# Preprocessing Pipeline
## Overview
The **Preprocessing Pipeline** is a comprehensive Python-based tool designed to facilitate the preprocessing of data by performing initial data inspection, handling missing values, converting data types, managing outliers, scaling data, and transforming variables. This tool is modular, customizable, and suited for various data cleaning and preprocessing tasks essential for machine learning and data analysis.
## Table of Contents
- [Introduction](#introduction)
- [Problem Statement](#problem-statement)
- [Features](#features)
- [Installation](#installation)
- [Usage](#usage)
- [Initial Data Inspection](#initial-data-inspection)
- [Handling Missing Values](#handling-missing-values)
- [Data Type Conversion](#data-type-conversion)
- [Outlier Handling](#outlier-handling)
- [Scaling Data](#scaling-data)
- [Variable Transformation](#variable-transformation)
- [Classes and Methods](#classes-and-methods)
- [Report Generation](#report-generation)
- [Contributing](#contributing)
- [License](#license)
## Introduction
Data preprocessing is a crucial step in any data analysis or machine learning pipeline. This preprocessing tool provides a systematic approach to cleaning and preparing data by offering modules for inspecting data, handling missing values, managing outliers, scaling numerical features, and transforming variables to improve data quality and model performance.
## Problem Statement
Handling raw data can be challenging due to missing values, inconsistent data types, outliers, and other issues that can degrade the performance of predictive models. This tool/library/package aims to streamline the preprocessing workflow, making it easier to clean and prepare data for further analysis.
## Features
- **Initial Inspection**: Provides insights into the dataset, including shape, size, summary statistics, and detailed analysis of missing and duplicated values.
- **Data Type Conversion**: Converts data types like objects to strings, integers, floats, and datetime, ensuring data consistency.
- **Missing Value Handling**: Offers multiple strategies to fill or remove missing values, including mean, median, mode, bfill, linear, and polynomial interpolation.

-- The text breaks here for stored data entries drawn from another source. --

Lemma N11_sum A B : N11 A B = \sum_(x : T) \sum_(y : T) lt_co A x y * co B x y.
Proof.
rewrite /N11 (card_set_pair (fun x y => [&& x < y, same_cluster A x y & same_cluster B x y])).
apply: eq_bigr => x _; apply: eq_bigr => y _; rewrite /lt_co /co.
by case: (x < y); case: (same_cluster A x y); case: (same_cluster B x y).
Qed.

End CoClustering.

Section Masses.
Variables (n : nat) (s : seq nat).
Notation T := 'I_n.

Definition pair_mass (x y : T) := \sum_(B in Cs n s) co B x y.
Definition quad_mass (x y z w : T) := \sum_(B in Cs n s) co B x y * co B z w.

Lemma pair_mass_const x y x' y' : x != y -> x' != y' -> pair_mass x y = pair_mass x' y'.
Proof.
move=> xy xy'.
have uniq2 (u v : T) : u != v -> uniq [tuple u; v] by rewrite /= inE andbT.
have [g gE] := exists_perm_tuple (uniq2 _ _ xy) (uniq2 _ _ xy').
have := gE ord0; have := gE (@Ordinal 2 1 isT); rewrite /tnth /= => <- <-.
rewrite /pair_mass -(sum_relabel_Cs (fun B => co B (g x) (g y)) g).
by apply: eq_bigr => B _; rewrite /co same_cluster_relabel.
Qed.

Lemma quad_mass_const x y z w x' y' z' w' :
  uniq [:: w; z; y; x] -> uniq [:: w'; z'; y'; x'] ->
  quad_mass x y z w = quad_mass x' y' z' w'.
Proof.
move=> u u'.
have [g gE] := exists_perm_tuple (t := [tuple w; z; y; x]) (t' := [tuple w'; z'; y'; x']) u u'.
have := gE ord0; have := gE (@Ordinal 4 1 isT); have := gE (@Ordinal 4 2 isT);
have := gE (@Ordinal 4 3 isT); rewrite /tnth /= => <- <- <- <-.
rewrite /quad_mass -(sum_relabel_Cs (fun B => co B (g x) (g y) * co B (g z) (g w)) g).
by apply: eq_bigr => B _; rewrite /co !same_cluster_relabel.
Qed.

Lemma quad_mass_le_card x y z w : quad_mass x y z w <= #|Cs n s|.
Proof.
rewrite /quad_mass -sum1_card; apply: leq_sum => B _.
by rewrite -[1]muln1 leq_mul ?co_le1.
Qed.

End Masses.

Section Moments.
Variables (n : nat) (s : seq nat) (A : {set {set 'I_n}}).
Notation T := 'I_n.
Notation K := #|Cs n s|.
Variables (a0 : nat) (ordered_intra_Cs0 : forall B, B \in Cs n s -> ordered_intra B = a0).
Variables (x0 y0 : T) (x0y0 : x0 != y0).
Variables (x1 y1 z1 w1 : T) (u1 : uniq [:: w1; z1; y1; x1]).

Lemma pair_mass_total : K * a0 = pair_mass s x0 y0 * (n * n.-1).
Proof.
transitivity (\sum_(B in Cs n s) ordered_intra B).
  by rewrite -sum_nat_const; apply: eq_bigr => B BS; rewrite ordered_intra_Cs0.
rewrite /ordered_intra exchange_big2 -sum_neq2 big_distrr /=; apply: eq_bigr => x _.
rewrite big_distrr /=; apply: eq_bigr => y _.
rewrite -big_distrr /= -/(pair_mass s x y) mulnC.
by case: (boolP (x != y)) => xy; rewrite ?mul0n ?muln0 // (pair_mass_const s xy x0y0).
Qed.

Lemma quad_mass_le :
  quad_mass s x1 y1 z1 w1 * (n * (n.-1 * ((n - 2) * (n - 3)))) <= K * (a0 * a0).
Proof.
rewrite -sum_uniq4 big_distrr.
have -> : K * (a0 * a0) = \sum_(B in Cs n s)
    \sum_(x : T) \sum_(y : T) \sum_(z : T) \sum_(w : T) (x != y) * co B x y * ((z != w) * co B z w).
  by rewrite -sum_nat_const; apply: eq_bigr => B BS; rewrite -(ordered_intra_Cs0 BS) mul_sum2.
rewrite exchange_big4; apply: leq_sum => x _; rewrite big_distrr; apply: leq_sum => y _.
rewrite big_distrr; apply: leq_sum => z _; rewrite big_distrr; apply: leq_sum => w _.
case: (boolP (uniq [:: w; z; y; x])) => u /=; last by rewrite muln0.
rewrite muln1 (quad_mass_const s u1 u) /quad_mass; apply: leq_sum => B _.
by have /andP[-> ->] := uniq4_neq u; rewrite !mul1n.
Qed.
(* Let $(X,d)$ be a separable metric space admitting a weak convergence, and let $p\ge 1$. For any $\mu\in\mathcal{P}_{p-1}(X)$, the set $M_p(\mu)$ is non-empty and $d$-compact.
   Context: A convergence $c$ on a set $X$ is a rule assigning at most one point of $X$ as the ''limit'' of each sequence in $X$, such that whenever a sequence has limit $x$, every subsequence also has limit $x$. A convergence $w$ on $X$ is a weak convergence for $(X,d)$ if: (W1) whenever $\sup_n d(x_n,y)<\infty$ for some $y$, some subsequence converges in $w$ to some point of $X$; (W2) whenever $x_n\to x$ in $w$, $d(x,y)\le\liminf_n d(x_n,y)$ for all $y\in X$; (W3) whenever $x_n\to x$ in $w$ and $d(x_n,y)\to d(x,y)$ for some $y\in X$, then $d(x_n,x)\to0$. $(X,d)$ admits a weak convergence if such a $w$ exists. $\mathcal{P}_{p-1}(X)$ is the set of Borel probability measures $\mu$ on $(X,d)$ with $\int_X d^{p-1}(x,y)\,d\mu(y)<\infty$ for some (equivalently all) $x\in X$. For such $\mu$, $W_p(\mu,x,x'):=\int_X (d^p(x,y)-d^p(x',y))\,d\mu(y)$ and $M_p(\mu):=\{x\in X: W_p(\mu,x,x')\le 0 \text{ for all } x'\in X\}$. *)

From HB Require Import structures.
From mathcomp Require Import all_boot all_order all_algebra.
From mathcomp Require Import all_classical all_reals all_analysis.
Set Implicit Arguments. Unset Strict Implicit. Unset Printing Implicit Defensive.
Import Order.TTheory GRing.Theory Num.Theory numFieldNormedType.Exports.
Local Open Scope classical_set_scope.
Local Open Scope ring_scope.

Section MetricDefs.
Variables (R : realType) (X : pointedType) (d : X -> X -> R).

Definition is_metric : Prop :=
  [/\ (forall x y, 0 <= d x y),
      (forall x y, d x y = 0 <-> x = y),
      (forall x y, d x y = d y x) &
      (forall x y z, d x z <= d x y + d y z)].

Definition dball (x : X) (r : R) : set X := [set y | d x y < r].

Definition d_open (U : set X) : Prop :=
  forall x, U x -> exists2 r : R, 0 < r & dball x r `<=` U.
Lemma adj_not_le X Y : subspace X -> subspace Y -> adj X Y -> ~ subsp_le X Y.
Proof.
move=> hX hY [_ /codim1E [v [hv ev]]] hle; apply: hv.
have : sumsp X Y v by rewrite ev; apply: addv_vec.
exact: sumsp_le.
Qed.

Lemma adj_irrefl X : subspace X -> ~ adj X X.
Proof. by move=> hX /(adj_not_le hX hX); apply. Qed.

Lemma Gr_subspace (X : Gr V) : subspace (proj1_sig X).
Proof. exact: proj1 (proj2_sig X). Qed.

Lemma Gr_inj (X Y : Gr V) : proj1_sig X = proj1_sig Y -> X = Y.
Proof. by case: X Y => [X hX] [Y hY] /= e; subst; f_equal; exact: proof_irrelevance. Qed.

End Subspaces.

Section DivisionRing.
Variables (K : unitRingType) (V : lmodType K).
Hypothesis HK : forall x : K, x != 0 -> x \is a GRing.unit.
Implicit Types (S T U X Y Z W M N : V -> Prop).

Lemma mulVf_neq0 (a : K) : a != 0 -> a^-1 * a = 1.
Proof. by move=> h; rewrite mulVr // HK. Qed.

Lemma solve_addv (s w v : V) (a : K) : a != 0 -> w = s + a *: v ->
  v = a^-1 *: w - a^-1 *: s.
Proof.
by move=> a0 ->; rewrite scalerDr addrAC subrr add0r scalerA mulVf_neq0 // scale1r.
Qed.

Lemma addv_eq_of_between S U v u : subspace S -> subspace U -> ~ S v ->
  subsp_le S U -> subsp_le U (addv S v) -> U u -> ~ S u -> U = addv S v.
Proof.
move=> hS hU hv hSU hUS hu hnu; apply: subsp_le_anti => //.
apply: addv_le => //; have [a [s [hs es]]] := hUS u hu.
have a0 : a != 0 by apply/eqP => a0; apply: hnu; rewrite es a0 scale0r addr0.
rewrite (solve_addv a0 es).
by apply: subspaceB => //; apply: subspaceZ => //; apply: hSU.
Qed.

Lemma addv_exchange T v u : subspace T -> ~ T v -> addv T v u -> ~ T u ->
  addv T u = addv T v.
Proof.
move=> hT hv hu hnu; apply: addv_eq_of_between (addv_vec hT u) hnu => //.
- exact: addv_subspace.
- exact: le_addv.
- by apply: addv_le; [exact: addv_subspace|exact: le_addv|].
Qed.

Lemma addv2_eq M a b u v : subspace M ->
  addv (addv M a) b u -> ~ M u -> addv (addv M a) b v -> ~ addv M u v ->
  addv (addv M a) b = addv (addv M u) v.
Proof.
move=> hM hu hnu hv hnv.
have hMa := addv_subspace hM a.
have [c ec] : exists c, addv (addv M a) b = addv (addv M u) c.
  case: (classic (addv M a u)) => hua.
  - have na : ~ M a by move=> ha; apply: hnu; rewrite (addv_id hM ha) in hua.
    by exists b; rewrite (addv_exchange hM na hua hnu).
  - have nb : ~ addv M a b by move=> hb; apply: hua; rewrite (addv_id hMa hb) in hu.
    by exists a; rewrite -(addv_exchange hMa nb hu hua) addvAC.
rewrite ec in hv *; have hMu := addv_subspace hM u.
have nc : ~ addv M u c by move=> hc; apply: hnv; rewrite (addv_id hMu hc) in hv.
by symmetry; apply: addv_exchange.
Qed.

Lemma adj_decomp X Y : subspace X -> subspace Y -> adj X Y ->
  exists x y, X x /\ ~ Y x /\ Y y /\ ~ X y /\
    X = addv (capsp X Y) x /\ Y = addv (capsp X Y) y /\
    sumsp X Y = addv X y /\ sumsp X Y = addv Y x.
Proof.
move=> hX hY [/codim1E [v [hv ev]] /codim1E [u [hu eu]]].
have hS := sumsp_subspace hX hY.
have [y [hy nyX]] : exists y, Y y /\ ~ X y.
  apply: NNPP => hn; apply: hv.
  suff : subsp_le (sumsp X Y) X by apply; rewrite ev; apply: addv_vec.
  apply: sumsp_le => // z hz; apply: NNPP => nz; apply: hn; by exists z.
have [x [hx nxY]] : exists x, X x /\ ~ Y x.
  apply: NNPP => hn; apply: hu.
  suff : subsp_le (sumsp X Y) Y by apply; rewrite eu; apply: addv_vec.
  apply: sumsp_le => // z hz; apply: NNPP => nz; apply: hn; by exists z.
have e1 : sumsp X Y = addv X y.
  by rewrite ev; symmetry; apply: addv_exchange => //; rewrite -ev; exact: le_sumspr.
have e2 : sumsp X Y = addv Y x.
  by rewrite eu; symmetry; apply: addv_exchange => //; rewrite -eu; exact: le_sumspl.
have hC := capsp_subspace hX hY.
exists x, y; do 4 (split=> //); split; last split=> //.
- apply: subsp_le_anti; last by apply: addv_le => // z [].
  move=> z hz; have : sumsp X Y z by apply: le_sumspl.
  rewrite e2 => -[a [t [ht ez]]]; exists a, t; do !split=> //.
  have -> : t = z - a *: x by rewrite ez addrK.
  by apply: subspaceB => //; apply: subspaceZ.
- apply: subsp_le_anti; last by apply: addv_le => // z [].
  move=> z hz; have : sumsp X Y z by apply: le_sumspr.
  rewrite e1 => -[a [t [ht ez]]]; exists a, t; do !split=> //.
  have -> : t = z - a *: y by rewrite ez addrK.
  by apply: subspaceB => //; apply: subspaceZ.
Qed.

Lemma adj_addv M a b : subspace M -> ~ M a -> ~ M b -> addv M a <> addv M b ->
  adj (addv M a) (addv M b).
Proof.
move=> hM ha hb ne.
have nab : ~ addv M a b by move=> h; apply: ne; symmetry; exact: addv_exchange.
have nba : ~ addv M b a by move=> h; apply: ne; exact: addv_exchange.
have hMa := addv_subspace hM a; have hMb := addv_subspace hM b.
split; apply/codim1E.
- by exists b; split=> //; apply: sumsp_addv => //; exact: le_addv.
- by exists a; split=> //; rewrite sumspC; apply: sumsp_addv => //; exact: le_addv.
Qed.
From HB Require Import structures.
From mathcomp Require Import all_boot all_order all_algebra.
From mathcomp Require Import complex reals.
From Stdlib Require Import FunctionalExtensionality.
From mathcomp Require Import ring zify.
Import Order.TTheory GRing.Theory Num.Theory.
Local Open Scope ring_scope.
Set Implicit Arguments.
Unset Strict Implicit.

(* A hybrid argument.  In round t replace the oracle by the blinded oracle that
   answers \bot to every query to L_j with j > t.  The blinded run up to round t
   depends only on the Simon functions with index < t, whereas the true and the
   blinded oracle differ only on inputs whose z-register equals s_(j-1) for some
   j > t.  Since s_(j-1) is uniform among the 2^n - 1 nonzero strings and
   independent of the blinded state, the expected weight of such inputs is at
   most (#queries) / (2^n - 1); the squared error at most doubles per round, so
   after d rounds the true final state is O(2^d d m / 2^n)-close to the blinded
   one, which is independent of s_d and therefore outputs s_d with probability
   at most 1 / (2^n - 1).  Independence is made precise by a symmetry: the
   transvections x |-> x + x_i u with u_i = 0 act on Simon instances and move any
   nonzero period to any other. *)

Lemma normD_sqr_le (C : numClosedFieldType) (x y : C) :
  `|x + y| ^+ 2 <= 2 * `|x| ^+ 2 + 2 * `|y| ^+ 2.
Proof.
rewrite -subr_ge0.
have -> : 2 * `|x| ^+ 2 + 2 * `|y| ^+ 2 - `|x + y| ^+ 2 = `|x - y| ^+ 2.
  by rewrite !normCK !rmorphD !rmorphN /=; ring.
exact: exprn_ge0.
Qed.

Lemma eq_has_all (T : Type) (P a1 a2 : pred T) s :
  all P s -> {in P, a1 =1 a2} -> has a1 s = has a2 s.
Proof. by move=> + a12; elim: s => //= x s IH /andP [Px Ps]; rewrite a12 // IH. Qed.

Lemma has_le_sum (R : numDomainType) (T : Type) (p : pred T) s :
  (has p s)%:R <= \sum_(x <- s) (p x)%:R :> R.
Proof.
elim: s => [|x s IH] /=; first by rewrite big_nil.
rewrite big_cons; case: (p x) => /=; last by rewrite add0r.
by rewrite lerDl sumr_ge0 // => i _; rewrite ler0n.
Qed.

Lemma foldl_map (A B T : Type) (f : A -> B -> A) (h : T -> B) z s :
  foldl f z (map h s) = foldl (fun z x => f z (h x)) z s.
Proof. by elim: s z => //= x s IH z. Qed.

Lemma sum_seq_le (R : numDomainType) (T : Type) (s : seq T) (F : T -> R) (K : R) :
  (forall x, F x <= K) -> \sum_(x <- s) F x <= (size s)%:R * K.
Proof.
move=> FK; elim: s => [|x s IH]; first by rewrite big_nil mul0r.
by rewrite big_cons /= -addn1 natrD mulrDl mul1r addrC lerD.
Qed.

Lemma big_mkcond_natl (R : numDomainType) (T : finType) (P : pred T) (F : T -> R) :
  \sum_(w | P w) F w = \sum_w (P w)%:R * F w.
Proof. by rewrite big_mkcond; apply: eq_bigr => w _; rewrite mulr_natl mulrb. Qed.

Section StateNorm.
Variables (C : numClosedFieldType) (m : nat).
Implicit Types (M N : qop C m) (u v : qstate C m).

Definition sqnorm v : C := \sum_w `|v w| ^+ 2.
Definition state_sub u v : qstate C m := fun w => u w - v w.

Lemma sqnorm_ge0 v : 0 <= sqnorm v.
Proof. by apply: sumr_ge0 => w _; rewrite exprn_ge0. Qed.

Lemma sqnormD_le u v :
  sqnorm (fun w => u w + v w) <= 2 * sqnorm u + 2 * sqnorm v.
Proof.
rewrite /sqnorm !mulr_sumr -big_split /=.
by apply: ler_sum => w _; apply: normD_sqr_le.
Qed.

Lemma sqnorm_perm (p : bits m -> bits m) v : injective p ->
  sqnorm (fun w => v (p w)) = sqnorm v.
Proof. by move=> p_inj; rewrite /sqnorm [RHS](reindex_inj p_inj). Qed.

Lemma apply_opB M u v :
  apply_op M (state_sub u v) = state_sub (apply_op M u) (apply_op M v).
Proof.
apply: functional_extensionality => y.
by rewrite /apply_op /state_sub -sumrB; apply: eq_bigr => x _; rewrite mulrBr.
Qed.

Lemma apply_mul_op M N v : apply_op (mul_op M N) v = apply_op M (apply_op N v).
Proof.
apply: functional_extensionality => y.
rewrite /apply_op /mul_op; under eq_bigr do rewrite mulr_suml.
rewrite exchange_big /=; apply: eq_bigr => z _.
by rewrite mulr_sumr; apply: eq_bigr => x _; rewrite mulrA.
Qed.

Lemma apply_id_op v : apply_op (@id_op C m) v = v.
Proof.
apply: functional_extensionality => y.
rewrite /apply_op /id_op (bigD1 y) //= eqxx mul1r big1 ?addr0 //.
by move=> x /negbTE; rewrite eq_sym => ->; rewrite mul0r.
Qed.

Lemma sqnorm_unitary M v : unitary M -> sqnorm (apply_op M v) = sqnorm v.
Proof.
move=> uM; rewrite /sqnorm /apply_op.
under eq_bigr do rewrite normCKC rmorph_sum /= mulr_suml.
under eq_bigr do under eq_bigr do rewrite mulr_sumr.
rewrite exchange_big /=; under eq_bigr do rewrite exchange_big /=.
apply: eq_bigr => x _.
transitivity (\sum_(x' : bits m) (v x)^* * v x' * (x == x')%:R).
  apply: eq_bigr => x' _; rewrite -uM mulr_sumr; apply: eq_bigr => y _.
  by rewrite rmorphM /=; ring.
rewrite (bigD1 x) //= eqxx mulr1 big1 ?addr0 ?normCKC //.
by move=> x' /negbTE; rewrite eq_sym => ->; rewrite mulr0.
Qed.

Lemma sqnorm_layer (L : layer C m) v : valid_layer L ->
  sqnorm (apply_op (layer_op L) v) = sqnorm v.
Proof.
case=> + _; elim: L => [|g L IH] /=; first by rewrite apply_id_op.
by case=> [[_ ug] vL]; rewrite apply_mul_op sqnorm_unitary // IH.
Qed.
(* Let $d,n\ge 1$, let $\mathbf{x}_1,\ldots,\mathbf{x}_n\in\mathbb{R}^d$ (column vectors), $y_1,\ldots,y_n\in\mathbb{R}$, and $\eta>0$. Consider the causal (auto-regressive) linear self-attention layer acting on a sequence $(\mathbf{z}_1,\ldots,\mathbf{z}_n)$ of vectors in $\mathbb{R}^{d+1}$ by $$\mathbf{z}_j\leftarrow \mathbf{z}_j+\mathbf{P}\mathbf{V}\sum_{i=1}^j \mathbf{z}_i\left(\mathbf{z}_i^\top\mathbf{K}^\top\mathbf{Q}\mathbf{z}_j\right),\qquad j=1,\ldots,n,$$ with parameters $$\mathbf{K}=\mathbf{Q}=\begin{pmatrix}\mathbf{I}_{d\times d}&\mathbf{0}\\ 0&0\end{pmatrix},\quad \mathbf{V}=\begin{pmatrix}\mathbf{0}_{d\times d}&\mathbf{0}\\ \mathbf{0}&-1\end{pmatrix},\quad \mathbf{P}=\frac{\eta}{n}\mathbf{I}.$$ Apply $l$ such layers in succession (all with these same parameters) to the input $\mathbf{z}_j^{(0)}=(\mathbf{x}_j^\top,y_j)^\top$, $j=1,\ldots,n$, and denote by $\mathbf{z}_j^{(l)}$ the output of the $l$-th layer. For each position $j$ define row vectors $\mathbf{w}_j^{(l)}\in\mathbb{R}^{1\times d}$ by $\mathbf{w}_j^{(0)}=0$ and $$\mathbf{w}_j^{(l)}=\mathbf{w}_j^{(l-1)}+\frac{\eta}{n}\sum_{i=1}^j\left(y_i-\mathbf{w}_i^{(l-1)}\mathbf{x}_i\right)\mathbf{x}_i^\top,\qquad l\ge 1.$$ Then for every $l\ge 0$ and every $j$, $\mathbf{z}_j^{(l)}=(\mathbf{x}_j^\top,\delta_j^{(l)})^\top$ where $\delta_j^{(l)}=y_j-\mathbf{w}_j^{(l)}\mathbf{x}_j$.
   Context: Weight vectors are $1\times d$ row vectors and inputs $\mathbf{x}_i$ are $d\times 1$ column vectors, so $\mathbf{w}\mathbf{x}_i$ is a scalar. *)

From HB Require Import structures.
From mathcomp Require Import all_boot all_order all_algebra.
Set Implicit Arguments. Unset Strict Implicit. Unset Printing Implicit Defensive.
Import Order.TTheory GRing.Theory Num.Theory.
Local Open Scope ring_scope.

Section LSA.
Variables (R : realFieldType) (d n : nat) (eta : R).

Definition Kmat : 'M[R]_(d + 1) := block_mx 1%:M 0 0 0.
Definition Qmat : 'M[R]_(d + 1) := block_mx 1%:M 0 0 0.
Definition Vmat : 'M[R]_(d + 1) := block_mx 0 0 0 (-1)%:M.
Definition Pmat : 'M[R]_(d + 1) := (eta / n%:R) *: 1%:M.

Definition lsa_layer (z : 'I_n -> 'cV[R]_(d + 1)) : 'I_n -> 'cV[R]_(d + 1) :=
  fun j => z j + Pmat *m Vmat *m
    (\sum_(i < n | (i <= j)%N) z i *m ((z i)^T *m Kmat^T *m Qmat *m z j)).

Definition lsa_iter (l : nat) (z0 : 'I_n -> 'cV[R]_(d + 1)) :=
  iter l lsa_layer z0.

Definition lsa_input (x : 'I_n -> 'cV[R]_d) (y : 'I_n -> R) : 'I_n -> 'cV[R]_(d + 1) :=
  fun j => col_mx (x j) (y j)%:M.

Fixpoint wseq (x : 'I_n -> 'cV[R]_d) (y : 'I_n -> R) (l : nat) : 'I_n -> 'rV[R]_d :=
  match l with
  | 0 => fun _ => 0
  | l'.+1 => fun j => wseq x y l' j + (eta / n%:R) *:
      \sum_(i < n | (i <= j)%N) ((y i - (wseq x y l' i *m x i) 0 0) *: (x i)^T)
  end.

End LSA.

(* Each layer leaves the x-block of every token unchanged and subtracts from
   the last coordinate (eta/n) sum_{i<=j} c_i x_i^T x_j, because K^T Q projects
   onto the x-block and P V onto the last coordinate.  The residuals
   delta_j = y_j - w_j x_j obey exactly this recursion when w takes the causal
   gradient step, so the theorem follows by induction on the number of layers. *)
From HB Require Import structures.
From mathcomp Require Import all_boot all_order all_algebra.
Set Implicit Arguments. Unset Strict Implicit. Unset Printing Implicit Defensive.
Import Order.TTheory GRing.Theory Num.Theory.
Local Open Scope ring_scope.

Lemma sum_col_mx (R : pzRingType) (I : Type) (r : seq I) (P : pred I)
    (m1 m2 p : nat) (F : I -> 'M[R]_(m1, p)) (G : I -> 'M[R]_(m2, p)) :
  \sum_(i <- r | P i) col_mx (F i) (G i)
  = col_mx (\sum_(i <- r | P i) F i) (\sum_(i <- r | P i) G i).
Proof.
apply: (big_rec3 (fun a b c => a = col_mx b c)); first by rewrite col_mx0.
by move=> i A B C _ ->; rewrite add_col_mx.
Qed.

Section LinearSelfAttention.
Variables (R : realFieldType) (d n : nat) (eta : R).

Definition lsa_tokens (x : 'I_n -> 'cV[R]_d) (c : 'I_n -> R) j : 'cV[R]_(d + 1) :=
  col_mx (x j) (c j)%:M.

Lemma lsa_score (u v : 'cV[R]_d) (a b : R) :
  (col_mx u a%:M)^T *m (Kmat R d)^T *m Qmat R d *m col_mx v b%:M = u^T *m v.
Proof.
rewrite /Kmat /Qmat tr_col_mx tr_block_mx !trmx1 !trmx0.
by rewrite !mul_row_block !mulmx0 !mulmx1 !addr0 mul_row_col mul0mx addr0.
Qed.

Lemma lsa_value (u : 'cV[R]_d) (a : R) :
  Pmat d n eta *m Vmat R d *m col_mx u a%:M = col_mx 0 (- (eta / n%:R * a))%:M.
Proof.
rewrite /Pmat /Vmat -!scalemxAl mul1mx mul_block_col !mul0mx !addr0 add0r.
by rewrite scale_col_mx scaler0 -scalar_mxM mulN1r scale_scalar_mx mulrN.
Qed.

Lemma lsa_layer_tokens (x : 'I_n -> 'cV[R]_d) (c : 'I_n -> R) z :
    z =1 lsa_tokens x c ->
  lsa_layer eta z =1 lsa_tokens x (fun j =>
    c j - eta / n%:R * \sum_(i < n | (i <= j)%N) c i * ((x i)^T *m x j) 0 0).
Proof.
move=> hz j; rewrite /lsa_layer /lsa_tokens !hz.
under eq_bigr => i _ do rewrite !hz lsa_score [_^T *m x j]mx11_scalar
  mul_mx_scalar scale_col_mx scale_scalar_mx mulrC.
by rewrite sum_col_mx -raddf_sum lsa_value add_col_mx addr0 -raddfD.
Qed.

Variables (x : 'I_n -> 'cV[R]_d) (y : 'I_n -> R).

Definition wresidual l j := y j - (wseq eta x y l j *m x j) 0 0.

Lemma wresidualS l j :
  wresidual l.+1 j
  = wresidual l j - eta / n%:R * \sum_(i < n | (i <= j)%N)
                                   wresidual l i * ((x i)^T *m x j) 0 0.
Proof.
rewrite /wresidual /= mulmxDl [in LHS]mxE -scalemxAl.
rewrite [X in _ - (_ + X)]mxE mulmx_suml summxE opprD addrA.
by congr (_ - _ * _); apply: eq_bigr => i _; rewrite -scalemxAl mxE.
Qed.

Lemma lsa_iter_tokens l : lsa_iter eta l (lsa_input x y) =1 lsa_tokens x (wresidual l).
Proof.
elim: l => [|l IH] j.
  by rewrite /lsa_iter /= /lsa_input /lsa_tokens /wresidual mul0mx mxE subr0.
by rewrite /lsa_iter iterS (lsa_layer_tokens IH) /lsa_tokens wresidualS.
Qed.

End LinearSelfAttention.

Theorem proposition2 (R : realFieldType) (d n : nat) (hd : (1 <= d)%N) (hn : (1 <= n)%N)
  (x : 'I_n -> 'cV[R]_d) (y : 'I_n -> R) (eta : R) (heta : 0 < eta) :
  forall (l : nat) (j : 'I_n),
    lsa_iter eta l (lsa_input x y) j
    = col_mx (x j) (y j - (wseq eta x y l j *m x j) 0 0)%:M.
Proof. by move=> l j; rewrite lsa_iter_tokens. Qed.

- **Outlier Handling**: Detects and caps outliers using IQR and Z-score methods.
- **Scaling**: Standardizes numerical data using Standard Scaler, Robust Scaler, and Normalizer techniques.
- **Variable Transformation**: Provides transformations like binning, log transformation, square root transformation, label encoding, and one-hot encoding.
## Installation
Clone this repository to your local machine and ensure you have Python installed along with the required dependencies:
```bash
git clone https://github.com/KaRtHiK-56/EDA_python_package_library
pip install -r requirements.txt
```
## Usage
### Initial Data Inspection
The inspection methods provide a detailed overview of your dataset to identify data quality issues upfront.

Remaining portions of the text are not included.